# Adjusting Chorus Brakes



## prs77 (Dec 13, 2004)

Last night I was laying in bed and a horrible thought popped into my head. I have just switched from Shimano to Campy and I haven't taken the time to look at my brake adjustments. I was picturing myself getting a flat tire and not knowing how to adjust the brake, so I could remove the wheel and fix the flat. This morning before work I took a quick look at my bike and sure enough, it's not like my old Ultegra brake. There's no lever that expands the brake so the wheel can be removed. I'm sure it's there somewhere, but I didn't take the time this morning to figure it out. How do you adjust the brake, so you can remove the front or rear wheel to change a flat? Thanks a lot.


----------



## BlueMasi1 (Oct 9, 2002)

*QR is in the lever*

Campy's quick release for the brakes are located in the brake/shift lever. Did you change all your components to Chorus or just the brakes?


----------



## prs77 (Dec 13, 2004)

*Full Chorus*



BlueMasi1 said:


> Campy's quick release for the brakes are located in the brake/shift lever. Did you change all your components to Chorus or just the brakes?


I changed to full campy chorus. Thanks.


----------



## ampastoral (Oct 3, 2005)

check out this thread....it has visuals!!! woo hoo!

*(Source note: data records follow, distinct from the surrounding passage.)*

Lemma subst_ren sigma xi t : subst sigma (ren xi t) = subst (fun k => sigma (xi k)) t.
Proof.
  revert sigma xi. induction t using term_ind_nested; intros sigma xi; simpl; try reflexivity.
  - rewrite IHt1, IHt2. do 2 f_equal. apply functional_extensionality.
    intros [|k]; reflexivity.
  - rewrite IHt1, IHt2. reflexivity.
  - f_equal. rewrite map_map. apply map_ext_Forall. eapply Forall_impl; [|exact H]. auto.
Qed.

Lemma ren_ren xi zeta t : ren xi (ren zeta t) = ren (fun k => xi (zeta k)) t.
Proof. rewrite (ren_as_subst xi), subst_ren, <- ren_as_subst. reflexivity. Qed.

Lemma ren_subst xi sigma t : ren xi (subst sigma t) = subst (fun k => ren xi (sigma k)) t.
Proof.
  revert xi sigma. induction t using term_ind_nested; intros xi sigma; simpl; try reflexivity.
  - rewrite IHt1, IHt2. do 2 f_equal. apply functional_extensionality.
    intros [|k]; simpl; [reflexivity|]. unfold lift1. rewrite !ren_ren. reflexivity.
  - rewrite IHt1, IHt2. reflexivity.
  - f_equal. rewrite map_map. apply map_ext_Forall. eapply Forall_impl; [|exact H]. auto.
Qed.

Lemma subst_subst sigma tau t :
  subst sigma (subst tau t) = subst (fun k => subst sigma (tau k)) t.
Proof.
  revert sigma tau. induction t using term_ind_nested; intros sigma tau; simpl; try reflexivity.
  - rewrite IHt1, IHt2. do 2 f_equal. apply functional_extensionality.
    intros [|k]; simpl; [reflexivity|]. unfold lift1. rewrite subst_ren, ren_subst. reflexivity.
  - rewrite IHt1, IHt2. reflexivity.
  - f_equal. rewrite map_map. apply map_ext_Forall. eapply Forall_impl; [|exact H]. auto.
Qed.
(* There exist a sequence of Pauli Hamiltonians $H_n=\sum_ic_i^{(n)}P_i^{(n)}$ and states $|\psi_n\rangle$ such that $$\frac{D_n(\psi_n)}{\mathrm{Var}(H_n)|_{\psi_n}}\longrightarrow0\quad(n\to\infty),$$ where $D_n(\psi)=\sum_i(c_i^{(n)})^2\,(1-\langle\psi|P_i^{(n)}|\psi\rangle^2)$ and $\mathrm{Var}(H_n)|_\psi=\langle\psi|H_n^2|\psi\rangle-\langle\psi|H_n|\psi\rangle^2$.
   Context: A Pauli Hamiltonian is $H=\sum_ic_iP_i$ with real coefficients and distinct $n$-qubit Pauli strings $P_i\in\{I,X,Y,Z\}^{\otimes n}$. *)

From HB Require Import structures.
From mathcomp Require Import all_boot all_order all_algebra.
From mathcomp Require Import complex.
From mathcomp Require Import all_classical all_reals topology normedtype sequences.
Set Implicit Arguments. Unset Strict Implicit. Unset Printing Implicit Defensive.
Import Order.TTheory GRing.Theory Num.Theory.
Local Open Scope ring_scope.
Local Open Scope complex_scope.

Section Pauli.
Variable R : realType.
Local Notation C := R[i].

(* Single-qubit Pauli matrices, encoded by 'I_4 : 0 = I, 1 = X, 2 = Y, 3 = Z. *)
Definition sigma (p : 'I_4) : 'M[C]_2 :=
  \matrix_(a < 2, b < 2)
    match nat_of_ord p, nat_of_ord a, nat_of_ord b with
    | 0, 0, 0 => 1 | 0, 1, 1 => 1
    | 1, 0, 1 => 1 | 1, 1, 0 => 1
    | 2, 0, 1 => - 'i | 2, 1, 0 => 'i
    | 3, 0, 0 => 1 | 3, 1, 1 => -1
    | _, _, _ => 0
    end.

Definition pauli_string (n : nat) := {ffun 'I_n -> 'I_4}.

Definition qbit (n : nat) (i : 'I_(2 ^ n)) (j : 'I_n) : 'I_2 :=
  inord ((nat_of_ord i %/ 2 ^ j) %% 2).

(* Matrix of the Pauli string P = P_0 (x) ... (x) P_{n-1} in the computational
   basis (qubit j is bit j of the basis index): entrywise tensor product. *)
Definition pauli_mx (n : nat) (P : pauli_string n) : 'M[C]_(2 ^ n) :=
  \matrix_(a, b) \prod_(j < n) sigma (P j) (qbit a j) (qbit b j).

(* A Pauli Hamiltonian H = sum_P c_P P with real coefficients, indexed by
   (distinct) Pauli strings; strings absent from H have coefficient 0. *)
Definition hamiltonian_mx (n : nat) (c : {ffun pauli_string n -> R}) : 'M[C]_(2 ^ n) :=
  \sum_(P : pauli_string n) (c P)%:C *: pauli_mx P.

Definition expect (n : nat) (psi : 'cV[C]_(2 ^ n)) (A : 'M[C]_(2 ^ n)) : C :=
  ((map_mx (@conjc R) psi)^T *m A *m psi) 0 0.

Definition is_state (n : nat) (psi : 'cV[C]_(2 ^ n)) : Prop :=
  expect psi 1%:M = 1.

(* D_n(psi) = sum_i c_i^2 (1 - <psi|P_i|psi>^2)  (expectations of Hermitian
   operators are real; we take their real part). *)
Definition Dn (n : nat) (c : {ffun pauli_string n -> R}) (psi : 'cV[C]_(2 ^ n)) : R :=
  \sum_(P : pauli_string n) (c P) ^+ 2 * (1 - (@complex.Re R (expect psi (pauli_mx P))) ^+ 2).

Definition variance (n : nat) (c : {ffun pauli_string n -> R}) (psi : 'cV[C]_(2 ^ n)) : R :=
  @complex.Re R (expect psi (hamiltonian_mx c *m hamiltonian_mx c))
  - (@complex.Re R (expect psi (hamiltonian_mx c))) ^+ 2.

End Pauli.

(* Take H_n = Z_1 + ... + Z_n and the cat-like state psi_n = a|0...0> + b|1...1> with
   a^2 + b^2 = 1 and a, b <> 0.  Every Z_j has expectation a^2 - b^2, so each term of
   D_n equals 1 - (a^2 - b^2)^2 = 4 a^2 b^2 and D_n grows only linearly in n.  On the
   other hand psi_n superposes two eigenvectors of H_n with the extreme eigenvalues n
   and -n, so Var(H_n) = 4 a^2 b^2 n^2 and D_n / Var(H_n) = 1/n. *)

From HB Require Import structures.
From mathcomp Require Import all_boot all_order all_algebra.
From mathcomp Require Import complex.
From mathcomp Require Import all_classical all_reals topology normedtype sequences.
From mathcomp Require Import ring zify.
Import Order.TTheory GRing.Theory Num.Theory numFieldNormedType.Exports.

Set Implicit Arguments.
Unset Strict Implicit.

Lemma eq_from_bits n x y : x < 2 ^ n -> y < 2 ^ n ->
  (forall j, j < n -> (x %/ 2 ^ j) %% 2 = (y %/ 2 ^ j) %% 2) -> x = y.
Proof.
elim: n x y => [|n IHn] x y; first by rewrite !ltnS !leqn0 => /eqP-> /eqP->.
move=> ltx lty eq_bits.
have eq_half : x %/ 2 = y %/ 2.
  apply: IHn; rewrite ?ltn_divLR -?expnSr // => j ltjn.
  by have := eq_bits j.+1 ltjn; rewrite !expnS !divnMA.
have := eq_bits 0 (ltn0Sn n); rewrite !divn1 => eq_bit0.
by rewrite (divn_eq x 2) (divn_eq y 2) eq_half eq_bit0.
Qed.

Lemma exp2_gt0 n : 0 < 2 ^ n.
Proof. by rewrite expn_gt0. Qed.

Lemma pred_exp2_lt n : (2 ^ n).-1 < 2 ^ n.
Proof. by rewrite ltn_predL exp2_gt0. Qed.

Lemma bit_pred_exp2 n j : j < n -> ((2 ^ n).-1 %/ 2 ^ j) %% 2 = 1.
Proof.
move=> ltjn.
have -> : (2 ^ n).-1 = (2 ^ (n - j)).-1 * 2 ^ j + (2 ^ j).-1.
  rewrite -{1}(subnKC (ltnW ltjn)) expnD mulnC.
  by move: (exp2_gt0 j) (exp2_gt0 (n - j)); set u := 2 ^ j; set v := 2 ^ (n - j); nia.
rewrite divnMDl ?exp2_gt0 // divn_small ?addn0 ?pred_exp2_lt //.
by rewrite modn2 -subn1 oddB ?exp2_gt0 // oddX subn_eq0 leqNgt ltjn.
Qed.

Lemma qbitE n (x : 'I_(2 ^ n)) (j : 'I_n) : qbit x j = (x %/ 2 ^ j) %% 2 :> nat.
Proof. by rewrite inordK // ltn_mod. Qed.

Lemma neq_qbit n (x y : 'I_(2 ^ n)) : x != y -> exists j, qbit x j != qbit y j.
Proof.
move=> neq_xy; apply/existsP; apply: contraR neq_xy; rewrite negb_exists.
move=> /forallP same_bits; apply/eqP/val_inj/(@eq_from_bits n) => [||j ltjn].
- exact: ltn_ord.
- exact: ltn_ord.
have /negPn/eqP/(congr1 val) := same_bits (Ordinal ltjn).
by rewrite /= !qbitE.
Qed.

Definition all_zeros n : 'I_(2 ^ n) := Ordinal (exp2_gt0 n).
Definition all_ones n : 'I_(2 ^ n) := Ordinal (pred_exp2_lt n).

Lemma qbit_all_zeros n (j : 'I_n) : qbit (all_zeros n) j = 0 :> nat.
Proof. by rewrite qbitE div0n. Qed.

Lemma qbit_all_ones n (j : 'I_n) : qbit (all_ones n) j = 1 :> nat.
Proof. by rewrite qbitE bit_pred_exp2. Qed.

Lemma all_zeros_neq_ones n : 0 < n -> all_zeros n != all_ones n.
Proof.
move=> n_gt0; apply/eqP => /(congr1 (fun x => qbit x (Ordinal n_gt0))) /(congr1 val).
by rewrite /= qbit_all_zeros qbit_all_ones.
Qed.

Section PauliZ.
Local Open Scope ring_scope.
Local Open Scope complex_scope.
Variable R : realType.
Local Notation C := R[i].

Definition pauli_I : 'I_4 := Ordinal (isT : 0 < 4)%N.
Definition pauli_Z : 'I_4 := Ordinal (isT : 3 < 4)%N.

Lemma sigma_I (a b : 'I_2) : sigma R pauli_I a b = (a == b)%:R.
Proof. by rewrite mxE; case: a b => [[|[|a]] ?] [[|[|b]] ?]. Qed.

Lemma sigma_Z (a b : 'I_2) : sigma R pauli_Z a b = (-1) ^+ a *+ (a == b).
Proof. by rewrite mxE; case: a b => [[|[|a]] ?] [[|[|b]] ?]. Qed.

Definition pauliZ n (j : 'I_n) : pauli_string n :=
  [ffun k => if k == j then pauli_Z else pauli_I].

Lemma pauliZ_inj n : injective (@pauliZ n).
Proof.
move=> j k /(congr1 (fun P : pauli_string n => P j)); rewrite !ffunE eqxx.
by case: eqP.
Qed.

Lemma pauliZ_mx n (j : 'I_n) :
  pauli_mx R (pauliZ j) = diag_mx (\row_x (-1) ^+ qbit x j).
Proof.
apply/matrixP => x y; rewrite !mxE; have [<-|neq_xy] := eqVneq x y.
  rewrite mulr1n (bigD1 j) //= big1 => [|k neq_kj]; rewrite ffunE.
    by rewrite eqxx sigma_Z eqxx mulr1 mulr1n.
  by rewrite (negbTE neq_kj) sigma_I eqxx.
have [k neq_bits] := neq_qbit neq_xy; rewrite mulr0n (bigD1 k) //= ffunE.
by case: eqP => _; rewrite ?sigma_Z ?sigma_I (negbTE neq_bits) ?mulr0n mul0r.
Qed.

Definition sumZ_coef n : {ffun pauli_string n -> R} :=
  [ffun P => (P \in [set pauliZ j | j : 'I_n])%:R].

Lemma sum_sumZ_coef n (V : nmodType) (F : pauli_string n -> R -> V) :
  (forall P, F P 0 = 0) -> \sum_P F P (sumZ_coef n P) = \sum_j F (pauliZ j) 1.
Proof.
move=> F0; rewrite -[RHS](big_imset (fun P => F P 1)) /=; last first.
  by move=> j k _ _; apply: pauliZ_inj.
rewrite [RHS]big_mkcond; apply: eq_bigr => P _; rewrite ffunE.
by case: (P \in _).
Qed.

Lemma hamiltonian_sumZ n :
  hamiltonian_mx (sumZ_coef n) = diag_mx (\row_x \sum_j (-1) ^+ qbit x j).
Proof.
rewrite /hamiltonian_mx (sum_sumZ_coef (F := fun P c => c%:C *: pauli_mx R P)).
  under eq_bigr do rewrite /= scale1r pauliZ_mx.
  rewrite -raddf_sum /=; congr diag_mx; apply/rowP => x.
  by rewrite summxE !mxE; apply: eq_bigr => j _; rewrite mxE.
by move=> P; rewrite scale0r.
Qed.

Lemma sum_sign_all_zeros n :
  \sum_(j < n) (-1) ^+ qbit (all_zeros n) j = (n%:R : R)%:C.
Proof.
rewrite (eq_bigr (fun=> 1)) => [|j _]; last by rewrite qbit_all_zeros.
by rewrite sumr_const card_ord rmorph_nat.
Qed.

Lemma sum_sign_all_ones n :
  \sum_(j < n) (-1) ^+ qbit (all_ones n) j = (- n%:R : R)%:C.
Proof.
rewrite (eq_bigr (fun=> -1)) => [|j _]; last by rewrite qbit_all_ones.
by rewrite sumr_const card_ord mulNrn rmorphN rmorph_nat.
Qed.

Lemma Dn_sumZ n (psi : 'cV[C]_(2 ^ n)) : Dn (sumZ_coef n) psi =
  \sum_j (1 - (complex.Re (expect psi (pauli_mx R (pauliZ j)))) ^+ 2).
Proof.
rewrite /Dn (sum_sumZ_coef
  (F := fun P c => c ^+ 2 * (1 - complex.Re (expect psi (pauli_mx R P)) ^+ 2))).
  by under eq_bigr do rewrite expr1n mul1r.
by move=> P; rewrite expr0n mul0r.
Qed.

Lemma expect_diag_mx n (v : 'cV[C]_(2 ^ n)) (d : 'rV[C]_(2 ^ n)) :
  expect v (diag_mx d) = \sum_x (v x 0)^* * v x 0 * d 0 x.
Proof.
rewrite /expect mul_mx_diag mxE; apply: eq_bigr => x _.
by rewrite !mxE mulrAC.
Qed.

Lemma basis_state n (x : 'I_(2 ^ n)) : is_state (delta_mx x 0 : 'cV[C]_(2 ^ n)).
Proof.
rewrite /is_state -diag_const_mx expect_diag_mx (bigD1 x) //= big1 => [|y neq_yx].
  by rewrite !mxE eqxx /= conjC1 !mulr1 addr0.
by rewrite !mxE (negbTE neq_yx) mulr0 mul0r.
Qed.

(* [expect] conjugates with [Num.conj], which is not syntactically [conjc]. *)
Lemma conjC_real (x : R) : Num.conj x%:C = x%:C :> C.
Proof. exact: conjc_real. Qed.

End PauliZ.

Section GHZ.
Local Open Scope ring_scope.
Local Open Scope complex_scope.
Variables (R : realType) (a b : R).
Local Notation C := R[i].

Definition ghz n : 'cV[C]_(2 ^ n) :=
  a%:C *: delta_mx (all_zeros n) 0 + b%:C *: delta_mx (all_ones n) 0.

Lemma ghzE n x :
  ghz n x 0 = a%:C *+ (x == all_zeros n) + b%:C *+ (x == all_ones n).
Proof. by rewrite !mxE !andbT !mulr_natr. Qed.

Lemma expect_ghz_diag n (d : 'rV[C]_(2 ^ n)) : (0 < n)%N ->
  expect (ghz n) (diag_mx d) =
  (a ^+ 2)%:C * d 0 (all_zeros n) + (b ^+ 2)%:C * d 0 (all_ones n).
Proof.
move=> n_gt0; have ne01 := all_zeros_neq_ones n_gt0.
rewrite expect_diag_mx (bigD1 (all_zeros n)) //= (bigD1 (all_ones n)) 1?eq_sym //=.
rewrite big1 => [|x /andP[ne_zeros ne_ones]]; last first.
  by rewrite ghzE (negbTE ne_zeros) (negbTE ne_ones) /= mulr0n addr0 mulr0 mul0r.
rewrite !ghzE !eqxx (negbTE ne01) eq_sym (negbTE ne01) /= !mulr0n addr0 add0r.
by rewrite !mulr1n !conjC_real -!expr2 !rmorphXn addr0.
Qed.

Hypothesis ghz_normed : a ^+ 2 + b ^+ 2 = 1.

Lemma ghz_state n : (0 < n)%N -> is_state (ghz n).
Proof.
move=> n_gt0; rewrite /is_state -diag_const_mx expect_ghz_diag // !mxE !mulr1.
by rewrite -rmorphD ghz_normed.
Qed.

Lemma one_sub_sqr_ghz : 1 - (a ^+ 2 - b ^+ 2) ^+ 2 = 4 * a ^+ 2 * b ^+ 2.
Proof.
transitivity ((a ^+ 2 + b ^+ 2) ^+ 2 - (a ^+ 2 - b ^+ 2) ^+ 2); last by ring.
by rewrite ghz_normed expr1n.
Qed.

Lemma Dn_ghz n : (0 < n)%N ->
  Dn (sumZ_coef R n) (ghz n) = n%:R * (4 * a ^+ 2 * b ^+ 2).
Proof.
move=> n_gt0; rewrite Dn_sumZ (eq_bigr (fun=> 4 * a ^+ 2 * b ^+ 2)) => [|j _].
  by rewrite sumr_const card_ord [RHS]mulr_natl.
rewrite -one_sub_sqr_ghz pauliZ_mx expect_ghz_diag // !mxE.
by rewrite qbit_all_zeros qbit_all_ones mulr1 mulrN1 -rmorphN -rmorphD.
Qed.

Lemma variance_ghz n : (0 < n)%N ->
  variance (sumZ_coef R n) (ghz n) = n%:R ^+ 2 * (4 * a ^+ 2 * b ^+ 2).
Proof.
move=> n_gt0; rewrite /variance hamiltonian_sumZ mulmx_diag !expect_ghz_diag //.
rewrite !mxE sum_sign_all_zeros sum_sign_all_ones -!rmorphM -!rmorphD /=.
transitivity (n%:R ^+ 2 * ((a ^+ 2 + b ^+ 2) - (a ^+ 2 - b ^+ 2) ^+ 2)).
  by ring.
by rewrite ghz_normed one_sub_sqr_ghz.
Qed.

Hypotheses (a_neq0 : a != 0) (b_neq0 : b != 0).

Lemma variance_ghz_neq0 n : (0 < n)%N -> variance (sumZ_coef R n) (ghz n) != 0.
Proof.
move=> n_gt0; rewrite variance_ghz //.
by rewrite !mulf_neq0 ?expf_neq0 ?pnatr_eq0 -?lt0n.
Qed.

Lemma Dn_div_variance_ghz n : (0 < n)%N ->
  Dn (sumZ_coef R n) (ghz n) / variance (sumZ_coef R n) (ghz n) = n%:R^-1.
Proof.
move=> n_gt0; rewrite Dn_ghz // variance_ghz //.
by field; rewrite a_neq0 b_neq0 pnatr_eq0 -lt0n n_gt0.
Qed.

End GHZ.

Local Open Scope ring_scope.
Local Open Scope classical_set_scope.

Theorem proposition1 (R : realType) :
  exists (c : forall n : nat, {ffun pauli_string n -> R})
         (psi : forall n : nat, 'cV[R[i]]_(2 ^ n)),
    (forall n, is_state (psi n)) /\
    (\forall n \near \oo, variance (c n) (psi n) != 0) /\
    (fun n => Dn (c n) (psi n) / variance (c n) (psi n)) @ \oo --> (0 : R).
Proof.
pose a : R := 3 / 5; pose b : R := 4 / 5.
have normed : a ^+ 2 + b ^+ 2 = 1 by rewrite /a /b; field.
have a_neq0 : a != 0 by rewrite /a mulf_neq0 ?invr_eq0 ?pnatr_eq0.
have b_neq0 : b != 0 by rewrite /b mulf_neq0 ?invr_eq0 ?pnatr_eq0.
(* On zero qubits the two basis vectors of [ghz] coincide. *)
exists (sumZ_coef R), (fun n => if n == 0 then delta_mx (all_zeros n) 0 else ghz a b n).
split; first by case=> [|n]; [exact: basis_state | exact: ghz_state].
split; first by exists 1 => // n /= n_gt0; rewrite gtn_eqF // variance_ghz_neq0.
rewrite -cvg_shiftS; apply: cvg_trans cvg_harmonic; apply: near_eq_cvg.
by apply: nearW => n /=; rewrite Dn_div_variance_ghz.
Qed.
(* Let $D$ be a total clone on $\{0,1\}$ with $D \subseteq T_{0,2}$. Then $\mathcal{I}_{\mathrm{str}}(D)$ has the cardinality of the continuum.
   Context: Let $\mathbf{2}=\{0,1\}$. A partial function of arity $n$ on $\mathbf{2}$ is a map $f:\operatorname{dom} f\to\mathbf{2}$ with $\operatorname{dom} f\subseteq \mathbf{2}^n$; it is total if $\operatorname{dom} f=\mathbf{2}^n$. $P_{\mathbf{2}}$ is the set of all partial functions, $O_{\mathbf{2}}$ the set of total ones. Composition $F=f(g_1,\dots,g_n)$ is given by $F(\mathbf{x})=f(g_1(\mathbf{x}),\dots,g_n(\mathbf{x}))$ on $\operatorname{dom} F=\{\mathbf{x}\in\bigcap_i\operatorname{dom} g_i : (g_1(\mathbf{x}),\dots,g_n(\mathbf{x}))\in\operatorname{dom} f\}$. A partial clone is a composition-closed subset of $P_{\mathbf{2}}$ containing all projections; a total clone is one contained in $O_{\mathbf{2}}$. A partial clone $X$ is strong if it contains every restriction of each of its members. For a total clone $C$, $\mathcal{I}_{\mathrm{str}}(C)$ is the set of all strong partial clones $X$ with $X\cap O_{\mathbf{2}}=C$. A total $n$-ary $f$ preserves a binary relation $\rho$ if for all $(a_1,b_1),\dots,(a_n,b_n)\in\rho$ we have $(f(a_1,\dots,a_n),f(b_1,\dots,b_n))\in\rho$. $T_{0,2}$ is the clone of all total Boolean functions preserving $\rho_{0,2}=\{(0,0),(0,1),(1,0)\}$. *)

From mathcomp Require Import all_boot.
Set Implicit Arguments. Unset Strict Implicit. Unset Printing Implicit Defensive.

(* A partial Boolean function of arity n: a map from 2^n to option bool;
   [f x = None] means x is outside dom f. *)
Definition PF (n : nat) := {ffun n.-tuple bool -> option bool}.

(* Families of partial functions, indexed by arity; component [n] holds
   the functions of arity [n.+1] (arities are >= 1, as usual in clone theory). *)
Definition Family := forall n : nat, {set PF n.+1}.

Definition proj (n : nat) (i : 'I_n) : PF n := [ffun x => Some (tnth x i)].

Definition comp (k m : nat) (f : PF k) (gs : k.-tuple (PF m)) : PF m :=
  [ffun x => if [forall i : 'I_k, tnth gs i x != None]
             then f [tuple odflt false (tnth gs i x) | i < k]
             else None].

Definition total (n : nat) (f : PF n) : Prop := forall x, f x <> None.

Definition restriction (n : nat) (g f : PF n) : Prop :=
  forall x, g x <> None -> g x = f x.

Definition partial_clone (X : Family) : Prop :=
  (forall n (i : 'I_n.+1), proj i \in X n) /\
  (forall k m (f : PF k.+1) (gs : k.+1.-tuple (PF m.+1)),
      f \in X k -> (forall i, tnth gs i \in X m) -> comp f gs \in X m).

Definition total_clone (C : Family) : Prop :=
  partial_clone C /\ (forall n f, f \in C n -> total f).

Definition strong (X : Family) : Prop :=
  forall n (f g : PF n.+1), f \in X n -> restriction g f -> g \in X n.

Definition Istr (C : Family) (X : Family) : Prop :=
  partial_clone X /\ strong X /\
  (forall n (f : PF n.+1), (f \in X n /\ total f) <-> f \in C n).

Definition rho02 (a b : bool) : bool := ~~ (a && b).

Definition preserves_rho02 (n : nat) (f : PF n) : Prop :=
  forall a b : n.-tuple bool,
    (forall i, rho02 (tnth a i) (tnth b i)) ->
    rho02 (odflt false (f a)) (odflt false (f b)).

Definition in_T02 (n : nat) (f : PF n) : Prop := total f /\ preserves_rho02 f.
(* [s] can be completed greedily to a schedule finishing no later than [l]. *)
Record behind (s : State) : Prop := {
  behind_placed : forall b, placed s b -> placed l b;
  behind_machine : forall x mu t, fst l x = Some (mu, t) -> fst s x = None ->
    Pt s mu <= t;
  behind_conflict : forall x mu t y my ty, fst l x = Some (mu, t) ->
    fst s x = None -> fst s y = Some (my, ty) -> C x y = true -> ty + L y <= t;
  behind_Pt : forall mu, (mu < m)%nat -> Pt s mu <= Pt l mu }.

Definition pendingb (s : State) (x : nat) : bool :=
  match fst l x, fst s x with Some _, None => true | _, _ => false end.

Definition pending_count (s : State) : nat :=
  length (filter (pendingb s) (seq 0 n)).

Lemma step_pending_count s x mu s' :
  step n m L C s (x, mu) s' -> pendingb s x = true ->
  (pending_count s' < pending_count s)%nat.
Proof.
  intros Hstep Hx. assert (Hxn : (x < n)%nat) by apply Hstep.
  destruct Hstep as [_ [_ [_ [t [_ [_ ->]]]]]].
  apply filter_length_lt with x; [|apply in_seq; lia|exact Hx|].
  - intros y. unfold pendingb; simpl.
    destruct (Nat.eqb_spec y x); [destruct (fst l y); discriminate|auto].
  - unfold pendingb; simpl. rewrite Nat.eqb_refl. destruct (fst l x); reflexivity.
Qed.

http://forums.roadbikereview.com/showthread.php?t=55331&highlight=campy+brake+release


----------



## prs77 (Dec 13, 2004)

*Thanks*



ampastoral said:


> check out this thread....it has visuals!!! woo hoo!
> 
> http://forums.roadbikereview.com/showthread.php?t=55331&highlight=campy+brake+release


Those pictures were very helpful. Thanks a lot!


----------